Find the line containing "- rewrite (Hfh" in the entries below. Restate it and each line after it, word for word, up to and including the line containing "rewrite Rminus_diag, Rmult_0_l.".

**Stored items**
╭──

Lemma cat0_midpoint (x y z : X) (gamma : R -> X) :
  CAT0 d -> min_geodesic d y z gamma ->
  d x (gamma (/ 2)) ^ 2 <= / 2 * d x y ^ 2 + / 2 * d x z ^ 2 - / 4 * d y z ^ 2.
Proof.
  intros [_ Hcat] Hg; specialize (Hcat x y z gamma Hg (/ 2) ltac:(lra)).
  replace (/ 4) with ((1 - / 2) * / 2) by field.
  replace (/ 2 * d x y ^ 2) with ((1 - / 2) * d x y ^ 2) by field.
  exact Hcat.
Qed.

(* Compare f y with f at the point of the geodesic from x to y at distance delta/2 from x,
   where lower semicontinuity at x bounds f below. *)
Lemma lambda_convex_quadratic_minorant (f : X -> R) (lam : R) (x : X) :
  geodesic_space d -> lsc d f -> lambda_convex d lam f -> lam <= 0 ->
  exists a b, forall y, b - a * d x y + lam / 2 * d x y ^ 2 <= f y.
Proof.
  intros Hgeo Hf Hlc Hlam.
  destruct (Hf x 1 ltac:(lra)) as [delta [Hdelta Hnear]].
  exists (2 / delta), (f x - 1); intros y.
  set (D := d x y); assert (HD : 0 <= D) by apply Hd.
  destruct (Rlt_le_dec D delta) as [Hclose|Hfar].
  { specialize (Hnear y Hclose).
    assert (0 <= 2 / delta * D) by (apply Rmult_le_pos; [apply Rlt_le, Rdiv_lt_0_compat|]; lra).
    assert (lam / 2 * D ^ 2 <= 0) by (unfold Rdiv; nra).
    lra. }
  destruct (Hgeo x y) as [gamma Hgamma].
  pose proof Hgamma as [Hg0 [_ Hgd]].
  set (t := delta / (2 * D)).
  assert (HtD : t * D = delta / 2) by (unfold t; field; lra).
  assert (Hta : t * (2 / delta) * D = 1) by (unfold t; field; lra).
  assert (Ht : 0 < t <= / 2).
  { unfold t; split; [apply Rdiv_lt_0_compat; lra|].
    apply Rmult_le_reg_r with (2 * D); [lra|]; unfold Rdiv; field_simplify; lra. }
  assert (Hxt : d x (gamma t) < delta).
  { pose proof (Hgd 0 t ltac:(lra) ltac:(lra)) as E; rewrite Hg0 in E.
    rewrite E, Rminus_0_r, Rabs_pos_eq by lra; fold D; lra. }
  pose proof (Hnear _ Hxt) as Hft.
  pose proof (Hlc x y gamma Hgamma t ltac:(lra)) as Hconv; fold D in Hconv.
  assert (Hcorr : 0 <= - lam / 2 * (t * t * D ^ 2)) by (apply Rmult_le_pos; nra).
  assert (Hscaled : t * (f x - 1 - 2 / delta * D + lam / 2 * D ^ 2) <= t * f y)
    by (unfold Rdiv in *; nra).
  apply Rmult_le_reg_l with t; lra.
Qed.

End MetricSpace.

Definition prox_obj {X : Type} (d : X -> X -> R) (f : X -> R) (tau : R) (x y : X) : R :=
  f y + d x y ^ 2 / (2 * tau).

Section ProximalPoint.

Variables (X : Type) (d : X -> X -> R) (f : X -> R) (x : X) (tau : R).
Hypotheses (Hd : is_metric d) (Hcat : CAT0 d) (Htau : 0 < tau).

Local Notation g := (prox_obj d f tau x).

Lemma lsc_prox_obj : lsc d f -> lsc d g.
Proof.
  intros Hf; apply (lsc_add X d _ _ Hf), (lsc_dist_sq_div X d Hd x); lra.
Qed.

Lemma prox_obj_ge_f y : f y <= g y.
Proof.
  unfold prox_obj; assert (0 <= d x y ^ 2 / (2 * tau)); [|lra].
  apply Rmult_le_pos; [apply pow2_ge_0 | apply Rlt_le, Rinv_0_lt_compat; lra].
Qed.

╰──
╭──

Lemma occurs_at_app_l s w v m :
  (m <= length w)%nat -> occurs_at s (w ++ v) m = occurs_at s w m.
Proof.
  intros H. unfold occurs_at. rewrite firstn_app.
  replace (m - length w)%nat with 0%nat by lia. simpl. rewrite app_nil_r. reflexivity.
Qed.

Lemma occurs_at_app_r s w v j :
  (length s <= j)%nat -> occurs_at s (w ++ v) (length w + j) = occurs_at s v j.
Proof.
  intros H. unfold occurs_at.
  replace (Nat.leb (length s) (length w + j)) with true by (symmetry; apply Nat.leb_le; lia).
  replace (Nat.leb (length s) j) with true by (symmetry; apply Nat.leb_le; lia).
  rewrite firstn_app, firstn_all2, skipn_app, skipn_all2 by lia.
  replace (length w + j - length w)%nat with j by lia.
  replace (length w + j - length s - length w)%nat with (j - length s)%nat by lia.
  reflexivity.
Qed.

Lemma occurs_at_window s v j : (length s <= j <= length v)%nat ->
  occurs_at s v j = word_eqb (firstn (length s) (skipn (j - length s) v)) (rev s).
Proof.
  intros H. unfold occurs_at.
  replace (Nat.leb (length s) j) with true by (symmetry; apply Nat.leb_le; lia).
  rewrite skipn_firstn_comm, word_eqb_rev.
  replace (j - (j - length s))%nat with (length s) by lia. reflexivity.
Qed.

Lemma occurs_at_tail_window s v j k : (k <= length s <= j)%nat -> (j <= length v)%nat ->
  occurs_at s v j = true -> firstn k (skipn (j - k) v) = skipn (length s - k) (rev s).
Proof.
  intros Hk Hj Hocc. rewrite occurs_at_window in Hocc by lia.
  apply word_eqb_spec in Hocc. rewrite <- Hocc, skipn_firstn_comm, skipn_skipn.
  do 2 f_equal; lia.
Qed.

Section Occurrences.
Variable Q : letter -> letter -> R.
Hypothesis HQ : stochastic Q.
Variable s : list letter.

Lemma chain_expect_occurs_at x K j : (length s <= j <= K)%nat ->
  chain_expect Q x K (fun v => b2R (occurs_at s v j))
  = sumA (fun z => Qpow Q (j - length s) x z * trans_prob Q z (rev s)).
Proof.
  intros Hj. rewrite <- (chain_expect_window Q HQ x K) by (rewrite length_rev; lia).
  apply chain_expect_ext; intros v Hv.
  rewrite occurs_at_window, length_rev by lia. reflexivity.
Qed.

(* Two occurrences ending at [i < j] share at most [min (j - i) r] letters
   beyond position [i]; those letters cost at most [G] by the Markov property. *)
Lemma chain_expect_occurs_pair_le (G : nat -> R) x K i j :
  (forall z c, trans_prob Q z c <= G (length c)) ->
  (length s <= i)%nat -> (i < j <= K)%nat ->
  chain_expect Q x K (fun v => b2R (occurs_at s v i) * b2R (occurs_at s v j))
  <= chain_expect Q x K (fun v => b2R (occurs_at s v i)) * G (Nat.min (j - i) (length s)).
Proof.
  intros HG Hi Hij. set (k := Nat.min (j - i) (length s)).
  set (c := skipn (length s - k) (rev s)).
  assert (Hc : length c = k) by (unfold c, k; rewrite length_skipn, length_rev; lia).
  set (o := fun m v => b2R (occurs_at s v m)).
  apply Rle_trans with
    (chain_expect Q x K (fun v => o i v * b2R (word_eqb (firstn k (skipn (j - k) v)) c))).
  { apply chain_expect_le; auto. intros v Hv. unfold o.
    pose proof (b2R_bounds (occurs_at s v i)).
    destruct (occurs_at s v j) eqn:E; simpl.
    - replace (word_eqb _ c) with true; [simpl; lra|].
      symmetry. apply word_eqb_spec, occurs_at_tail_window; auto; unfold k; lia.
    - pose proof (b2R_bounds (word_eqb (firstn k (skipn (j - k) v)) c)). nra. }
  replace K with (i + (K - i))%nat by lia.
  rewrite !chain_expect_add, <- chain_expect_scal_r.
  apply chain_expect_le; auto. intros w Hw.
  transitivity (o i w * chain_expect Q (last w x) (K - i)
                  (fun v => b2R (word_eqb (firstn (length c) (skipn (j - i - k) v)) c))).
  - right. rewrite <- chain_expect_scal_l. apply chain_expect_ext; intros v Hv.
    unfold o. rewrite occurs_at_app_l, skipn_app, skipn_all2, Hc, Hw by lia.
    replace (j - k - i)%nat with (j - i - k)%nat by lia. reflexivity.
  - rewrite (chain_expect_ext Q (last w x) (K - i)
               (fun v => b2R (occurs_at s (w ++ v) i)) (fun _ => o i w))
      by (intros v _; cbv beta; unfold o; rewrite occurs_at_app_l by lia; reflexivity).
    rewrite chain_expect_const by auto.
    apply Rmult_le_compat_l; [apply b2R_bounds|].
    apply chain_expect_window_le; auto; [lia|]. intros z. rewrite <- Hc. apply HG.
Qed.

╰──
╭──

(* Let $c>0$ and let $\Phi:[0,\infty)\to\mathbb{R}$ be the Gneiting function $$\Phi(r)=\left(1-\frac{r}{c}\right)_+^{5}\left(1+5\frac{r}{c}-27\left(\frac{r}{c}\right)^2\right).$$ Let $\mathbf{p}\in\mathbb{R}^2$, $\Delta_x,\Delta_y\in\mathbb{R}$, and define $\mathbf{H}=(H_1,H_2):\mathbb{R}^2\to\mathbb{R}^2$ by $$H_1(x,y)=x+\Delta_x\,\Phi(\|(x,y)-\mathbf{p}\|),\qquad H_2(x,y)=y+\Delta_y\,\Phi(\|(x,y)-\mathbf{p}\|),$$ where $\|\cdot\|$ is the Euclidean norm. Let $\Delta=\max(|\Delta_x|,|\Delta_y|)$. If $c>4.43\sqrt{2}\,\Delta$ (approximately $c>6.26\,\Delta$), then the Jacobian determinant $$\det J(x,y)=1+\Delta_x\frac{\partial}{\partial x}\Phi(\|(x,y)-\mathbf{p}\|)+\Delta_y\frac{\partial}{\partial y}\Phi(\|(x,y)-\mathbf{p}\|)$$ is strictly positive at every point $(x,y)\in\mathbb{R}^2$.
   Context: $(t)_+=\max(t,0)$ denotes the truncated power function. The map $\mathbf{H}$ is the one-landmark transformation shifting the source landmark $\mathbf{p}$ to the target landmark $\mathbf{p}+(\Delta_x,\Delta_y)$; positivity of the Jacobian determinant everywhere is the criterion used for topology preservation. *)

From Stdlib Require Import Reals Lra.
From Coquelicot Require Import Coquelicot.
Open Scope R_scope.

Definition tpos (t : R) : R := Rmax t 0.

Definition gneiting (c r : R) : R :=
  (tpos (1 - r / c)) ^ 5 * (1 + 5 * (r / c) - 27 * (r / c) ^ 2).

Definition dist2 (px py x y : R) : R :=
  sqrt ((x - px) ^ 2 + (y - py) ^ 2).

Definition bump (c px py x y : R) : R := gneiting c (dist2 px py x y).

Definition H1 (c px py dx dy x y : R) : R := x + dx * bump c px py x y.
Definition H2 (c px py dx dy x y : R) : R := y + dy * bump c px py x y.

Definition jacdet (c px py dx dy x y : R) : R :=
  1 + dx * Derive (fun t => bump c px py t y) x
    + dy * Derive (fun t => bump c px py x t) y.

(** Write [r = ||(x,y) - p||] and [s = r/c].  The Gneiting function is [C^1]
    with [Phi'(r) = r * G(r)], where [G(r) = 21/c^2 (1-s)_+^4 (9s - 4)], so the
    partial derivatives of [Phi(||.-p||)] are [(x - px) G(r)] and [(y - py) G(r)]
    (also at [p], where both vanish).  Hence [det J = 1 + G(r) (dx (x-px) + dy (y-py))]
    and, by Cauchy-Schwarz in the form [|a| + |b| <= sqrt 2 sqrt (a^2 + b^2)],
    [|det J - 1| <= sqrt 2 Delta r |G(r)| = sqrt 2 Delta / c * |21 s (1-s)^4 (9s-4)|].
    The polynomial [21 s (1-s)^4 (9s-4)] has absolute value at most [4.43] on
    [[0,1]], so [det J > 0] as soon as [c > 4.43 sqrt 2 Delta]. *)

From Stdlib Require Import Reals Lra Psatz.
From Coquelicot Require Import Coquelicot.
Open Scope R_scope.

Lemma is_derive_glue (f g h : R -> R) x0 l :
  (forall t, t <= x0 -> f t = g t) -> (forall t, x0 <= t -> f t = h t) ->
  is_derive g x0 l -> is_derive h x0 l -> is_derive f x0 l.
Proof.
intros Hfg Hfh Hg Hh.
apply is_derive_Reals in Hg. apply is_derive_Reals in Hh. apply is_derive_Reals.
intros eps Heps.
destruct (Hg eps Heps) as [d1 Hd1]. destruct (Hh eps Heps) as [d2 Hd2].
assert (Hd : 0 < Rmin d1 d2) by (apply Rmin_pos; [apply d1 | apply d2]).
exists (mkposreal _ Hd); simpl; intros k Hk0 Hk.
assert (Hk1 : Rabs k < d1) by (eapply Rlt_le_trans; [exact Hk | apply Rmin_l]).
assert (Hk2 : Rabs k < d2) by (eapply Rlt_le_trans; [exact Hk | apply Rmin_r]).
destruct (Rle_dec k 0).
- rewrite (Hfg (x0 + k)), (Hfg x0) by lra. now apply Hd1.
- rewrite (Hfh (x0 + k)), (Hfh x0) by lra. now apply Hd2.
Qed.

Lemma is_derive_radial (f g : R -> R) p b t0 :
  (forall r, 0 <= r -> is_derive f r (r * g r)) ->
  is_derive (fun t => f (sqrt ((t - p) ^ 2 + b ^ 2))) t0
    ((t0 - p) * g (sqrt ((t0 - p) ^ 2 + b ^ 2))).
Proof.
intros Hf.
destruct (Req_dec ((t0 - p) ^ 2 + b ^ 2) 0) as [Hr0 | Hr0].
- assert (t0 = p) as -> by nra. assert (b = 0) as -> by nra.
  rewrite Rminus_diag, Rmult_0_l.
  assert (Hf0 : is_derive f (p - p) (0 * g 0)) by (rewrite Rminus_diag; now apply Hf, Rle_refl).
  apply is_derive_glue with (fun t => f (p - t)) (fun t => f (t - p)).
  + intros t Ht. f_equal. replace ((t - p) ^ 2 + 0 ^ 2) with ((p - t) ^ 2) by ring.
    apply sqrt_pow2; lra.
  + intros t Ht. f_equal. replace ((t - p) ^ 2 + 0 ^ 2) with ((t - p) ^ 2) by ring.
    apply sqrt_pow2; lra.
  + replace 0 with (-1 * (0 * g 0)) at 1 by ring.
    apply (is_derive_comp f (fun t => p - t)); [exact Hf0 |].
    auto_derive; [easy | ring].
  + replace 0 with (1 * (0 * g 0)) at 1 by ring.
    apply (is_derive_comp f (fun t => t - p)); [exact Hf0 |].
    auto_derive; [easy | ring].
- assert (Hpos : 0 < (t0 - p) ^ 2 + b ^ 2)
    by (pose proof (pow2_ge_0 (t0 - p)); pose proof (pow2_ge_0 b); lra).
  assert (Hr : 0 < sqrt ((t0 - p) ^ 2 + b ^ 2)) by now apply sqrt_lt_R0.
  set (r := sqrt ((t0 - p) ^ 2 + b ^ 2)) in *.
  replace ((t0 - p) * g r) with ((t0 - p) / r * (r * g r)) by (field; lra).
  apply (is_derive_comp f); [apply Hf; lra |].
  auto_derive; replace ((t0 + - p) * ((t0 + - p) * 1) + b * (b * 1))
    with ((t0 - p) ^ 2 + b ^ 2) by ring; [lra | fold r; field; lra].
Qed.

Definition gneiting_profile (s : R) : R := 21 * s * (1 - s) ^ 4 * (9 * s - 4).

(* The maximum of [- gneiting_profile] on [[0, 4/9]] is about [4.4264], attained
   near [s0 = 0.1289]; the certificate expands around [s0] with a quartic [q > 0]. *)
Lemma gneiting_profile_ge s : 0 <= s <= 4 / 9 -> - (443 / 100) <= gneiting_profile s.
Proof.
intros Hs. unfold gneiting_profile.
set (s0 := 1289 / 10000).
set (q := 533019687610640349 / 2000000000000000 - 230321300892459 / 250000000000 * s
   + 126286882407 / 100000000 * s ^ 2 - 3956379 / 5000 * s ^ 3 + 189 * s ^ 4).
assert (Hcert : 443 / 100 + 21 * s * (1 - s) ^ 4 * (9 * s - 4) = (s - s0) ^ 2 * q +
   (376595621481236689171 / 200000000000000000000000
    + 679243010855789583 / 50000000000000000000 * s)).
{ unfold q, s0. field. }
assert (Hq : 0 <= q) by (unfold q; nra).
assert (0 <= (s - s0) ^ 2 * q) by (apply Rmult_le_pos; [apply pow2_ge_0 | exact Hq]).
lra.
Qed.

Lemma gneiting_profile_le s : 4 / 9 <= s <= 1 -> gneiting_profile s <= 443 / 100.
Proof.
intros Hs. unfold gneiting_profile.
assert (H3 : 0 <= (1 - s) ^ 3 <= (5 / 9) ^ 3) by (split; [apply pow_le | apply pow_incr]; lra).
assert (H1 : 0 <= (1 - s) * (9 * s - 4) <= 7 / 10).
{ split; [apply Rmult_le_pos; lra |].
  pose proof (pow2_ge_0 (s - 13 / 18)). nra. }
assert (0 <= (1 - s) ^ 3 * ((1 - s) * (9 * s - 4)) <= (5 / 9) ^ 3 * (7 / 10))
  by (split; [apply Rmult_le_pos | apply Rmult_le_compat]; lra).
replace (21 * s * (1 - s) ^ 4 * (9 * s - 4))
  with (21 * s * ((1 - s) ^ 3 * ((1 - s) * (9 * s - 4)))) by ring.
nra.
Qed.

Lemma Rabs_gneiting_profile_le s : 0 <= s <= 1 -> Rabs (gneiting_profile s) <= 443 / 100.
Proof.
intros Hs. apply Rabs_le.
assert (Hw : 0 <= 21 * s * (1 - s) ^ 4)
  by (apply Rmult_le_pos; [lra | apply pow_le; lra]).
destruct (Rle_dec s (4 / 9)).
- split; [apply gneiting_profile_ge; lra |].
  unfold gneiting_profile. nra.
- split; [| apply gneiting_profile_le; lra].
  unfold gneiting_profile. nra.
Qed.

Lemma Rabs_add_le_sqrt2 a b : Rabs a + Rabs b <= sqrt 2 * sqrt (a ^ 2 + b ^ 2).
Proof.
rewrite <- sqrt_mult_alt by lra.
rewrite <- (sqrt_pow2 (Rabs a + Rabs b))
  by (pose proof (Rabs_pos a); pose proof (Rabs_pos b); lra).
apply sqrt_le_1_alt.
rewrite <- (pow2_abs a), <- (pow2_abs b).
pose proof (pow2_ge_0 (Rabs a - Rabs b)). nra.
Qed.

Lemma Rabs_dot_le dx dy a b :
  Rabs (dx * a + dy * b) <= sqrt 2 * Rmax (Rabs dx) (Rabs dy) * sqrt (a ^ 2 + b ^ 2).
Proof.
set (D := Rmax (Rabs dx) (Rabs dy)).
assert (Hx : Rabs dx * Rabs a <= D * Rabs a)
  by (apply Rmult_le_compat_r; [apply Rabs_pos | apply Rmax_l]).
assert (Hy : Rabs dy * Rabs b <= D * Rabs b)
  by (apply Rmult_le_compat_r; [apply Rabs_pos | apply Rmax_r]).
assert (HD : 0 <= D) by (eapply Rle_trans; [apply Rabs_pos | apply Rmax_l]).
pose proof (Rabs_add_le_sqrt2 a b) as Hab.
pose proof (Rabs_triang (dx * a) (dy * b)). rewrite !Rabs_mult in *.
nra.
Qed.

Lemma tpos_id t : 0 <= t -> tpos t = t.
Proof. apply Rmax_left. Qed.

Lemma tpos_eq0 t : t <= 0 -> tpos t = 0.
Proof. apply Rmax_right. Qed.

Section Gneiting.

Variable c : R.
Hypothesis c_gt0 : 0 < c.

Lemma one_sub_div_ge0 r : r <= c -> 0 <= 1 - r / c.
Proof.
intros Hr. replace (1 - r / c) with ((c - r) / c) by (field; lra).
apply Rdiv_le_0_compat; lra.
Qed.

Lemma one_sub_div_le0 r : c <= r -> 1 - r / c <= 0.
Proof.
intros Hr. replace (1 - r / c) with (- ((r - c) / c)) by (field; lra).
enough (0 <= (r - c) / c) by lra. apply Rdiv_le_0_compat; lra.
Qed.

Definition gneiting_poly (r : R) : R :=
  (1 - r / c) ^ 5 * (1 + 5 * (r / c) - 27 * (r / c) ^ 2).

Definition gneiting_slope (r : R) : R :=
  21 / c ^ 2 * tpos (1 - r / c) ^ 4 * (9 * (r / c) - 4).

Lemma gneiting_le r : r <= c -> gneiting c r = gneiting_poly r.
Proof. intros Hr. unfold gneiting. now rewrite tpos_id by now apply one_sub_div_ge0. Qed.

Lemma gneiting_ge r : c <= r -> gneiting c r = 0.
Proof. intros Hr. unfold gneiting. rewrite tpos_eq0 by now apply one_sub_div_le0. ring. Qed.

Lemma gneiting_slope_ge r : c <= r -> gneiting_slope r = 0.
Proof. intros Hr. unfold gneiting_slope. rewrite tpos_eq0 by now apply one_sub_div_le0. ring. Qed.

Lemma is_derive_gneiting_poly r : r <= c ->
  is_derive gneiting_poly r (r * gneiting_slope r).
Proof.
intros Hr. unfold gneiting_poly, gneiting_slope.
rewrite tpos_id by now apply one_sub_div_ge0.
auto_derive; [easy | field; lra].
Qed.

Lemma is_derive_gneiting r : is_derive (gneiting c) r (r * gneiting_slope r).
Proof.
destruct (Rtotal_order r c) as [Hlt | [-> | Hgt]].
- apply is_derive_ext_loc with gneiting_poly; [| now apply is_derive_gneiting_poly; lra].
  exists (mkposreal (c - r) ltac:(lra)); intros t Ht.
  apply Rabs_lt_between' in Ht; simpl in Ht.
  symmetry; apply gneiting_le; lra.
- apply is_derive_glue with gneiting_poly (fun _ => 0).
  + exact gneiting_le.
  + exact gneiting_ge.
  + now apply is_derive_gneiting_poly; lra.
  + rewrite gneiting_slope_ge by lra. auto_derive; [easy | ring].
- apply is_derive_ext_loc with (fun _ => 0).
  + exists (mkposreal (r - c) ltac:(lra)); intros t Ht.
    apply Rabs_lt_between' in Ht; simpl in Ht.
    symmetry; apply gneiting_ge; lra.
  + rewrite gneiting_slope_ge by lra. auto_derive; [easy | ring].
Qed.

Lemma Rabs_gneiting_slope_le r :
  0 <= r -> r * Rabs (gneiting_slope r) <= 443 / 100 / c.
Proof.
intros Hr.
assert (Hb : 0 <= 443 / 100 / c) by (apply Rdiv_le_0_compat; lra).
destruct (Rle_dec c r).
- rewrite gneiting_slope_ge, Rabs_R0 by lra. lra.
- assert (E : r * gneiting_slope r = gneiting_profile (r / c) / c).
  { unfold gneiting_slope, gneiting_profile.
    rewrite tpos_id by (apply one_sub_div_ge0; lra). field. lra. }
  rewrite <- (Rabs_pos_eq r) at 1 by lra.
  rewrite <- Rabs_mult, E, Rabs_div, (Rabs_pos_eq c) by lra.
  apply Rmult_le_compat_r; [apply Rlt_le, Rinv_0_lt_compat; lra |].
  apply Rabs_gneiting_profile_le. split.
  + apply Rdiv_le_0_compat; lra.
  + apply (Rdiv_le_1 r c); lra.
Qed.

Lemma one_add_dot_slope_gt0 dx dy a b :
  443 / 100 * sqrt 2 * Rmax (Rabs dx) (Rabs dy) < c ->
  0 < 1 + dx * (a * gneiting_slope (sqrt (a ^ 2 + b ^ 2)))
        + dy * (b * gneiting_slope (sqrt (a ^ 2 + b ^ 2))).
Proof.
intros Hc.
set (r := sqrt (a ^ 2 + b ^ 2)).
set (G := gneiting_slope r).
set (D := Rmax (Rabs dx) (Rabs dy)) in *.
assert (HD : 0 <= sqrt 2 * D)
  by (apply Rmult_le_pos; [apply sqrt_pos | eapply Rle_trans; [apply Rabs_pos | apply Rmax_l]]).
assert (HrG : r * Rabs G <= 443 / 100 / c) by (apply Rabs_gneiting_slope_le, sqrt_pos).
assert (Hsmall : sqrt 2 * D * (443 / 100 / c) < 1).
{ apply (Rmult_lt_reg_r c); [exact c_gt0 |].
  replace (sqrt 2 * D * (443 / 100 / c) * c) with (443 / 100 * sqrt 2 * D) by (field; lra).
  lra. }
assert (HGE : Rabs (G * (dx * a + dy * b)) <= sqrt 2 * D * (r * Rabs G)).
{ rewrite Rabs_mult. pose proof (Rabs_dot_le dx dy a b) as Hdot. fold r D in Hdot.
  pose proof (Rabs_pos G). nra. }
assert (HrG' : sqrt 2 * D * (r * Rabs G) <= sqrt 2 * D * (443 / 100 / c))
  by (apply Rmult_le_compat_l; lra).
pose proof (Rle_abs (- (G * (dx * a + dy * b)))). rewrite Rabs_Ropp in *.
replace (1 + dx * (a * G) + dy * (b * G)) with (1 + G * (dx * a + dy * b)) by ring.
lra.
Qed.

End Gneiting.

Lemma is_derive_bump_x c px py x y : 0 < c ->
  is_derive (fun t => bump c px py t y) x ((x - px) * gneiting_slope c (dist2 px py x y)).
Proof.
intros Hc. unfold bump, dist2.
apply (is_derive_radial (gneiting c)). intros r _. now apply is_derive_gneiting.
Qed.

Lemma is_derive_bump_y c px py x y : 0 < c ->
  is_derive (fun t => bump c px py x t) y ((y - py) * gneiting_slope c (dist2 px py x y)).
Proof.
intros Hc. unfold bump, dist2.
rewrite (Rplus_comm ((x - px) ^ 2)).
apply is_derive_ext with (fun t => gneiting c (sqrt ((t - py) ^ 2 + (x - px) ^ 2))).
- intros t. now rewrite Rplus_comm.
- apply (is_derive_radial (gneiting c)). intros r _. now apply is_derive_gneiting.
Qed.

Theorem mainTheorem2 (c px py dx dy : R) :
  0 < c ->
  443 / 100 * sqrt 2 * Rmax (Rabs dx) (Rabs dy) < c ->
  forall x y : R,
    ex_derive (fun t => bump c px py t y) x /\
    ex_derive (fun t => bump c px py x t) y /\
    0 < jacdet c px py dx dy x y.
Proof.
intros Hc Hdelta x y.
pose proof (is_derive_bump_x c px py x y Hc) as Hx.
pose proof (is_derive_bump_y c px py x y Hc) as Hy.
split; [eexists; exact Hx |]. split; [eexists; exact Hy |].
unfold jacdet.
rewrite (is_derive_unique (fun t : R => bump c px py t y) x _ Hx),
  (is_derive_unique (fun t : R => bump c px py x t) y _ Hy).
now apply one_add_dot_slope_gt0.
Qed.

╰──

**Solution to this problem**
- rewrite (Hfh (x0 + k)), (Hfh x0) by lra. now apply Hd2.
Qed.

Lemma is_derive_radial (f g : R -> R) p b t0 :
  (forall r, 0 <= r -> is_derive f r (r * g r)) ->
  is_derive (fun t => f (sqrt ((t - p) ^ 2 + b ^ 2))) t0
    ((t0 - p) * g (sqrt ((t0 - p) ^ 2 + b ^ 2))).
Proof.
intros Hf.
destruct (Req_dec ((t0 - p) ^ 2 + b ^ 2) 0) as [Hr0 | Hr0].
- assert (t0 = p) as -> by nra. assert (b = 0) as -> by nra.
  rewrite Rminus_diag, Rmult_0_l.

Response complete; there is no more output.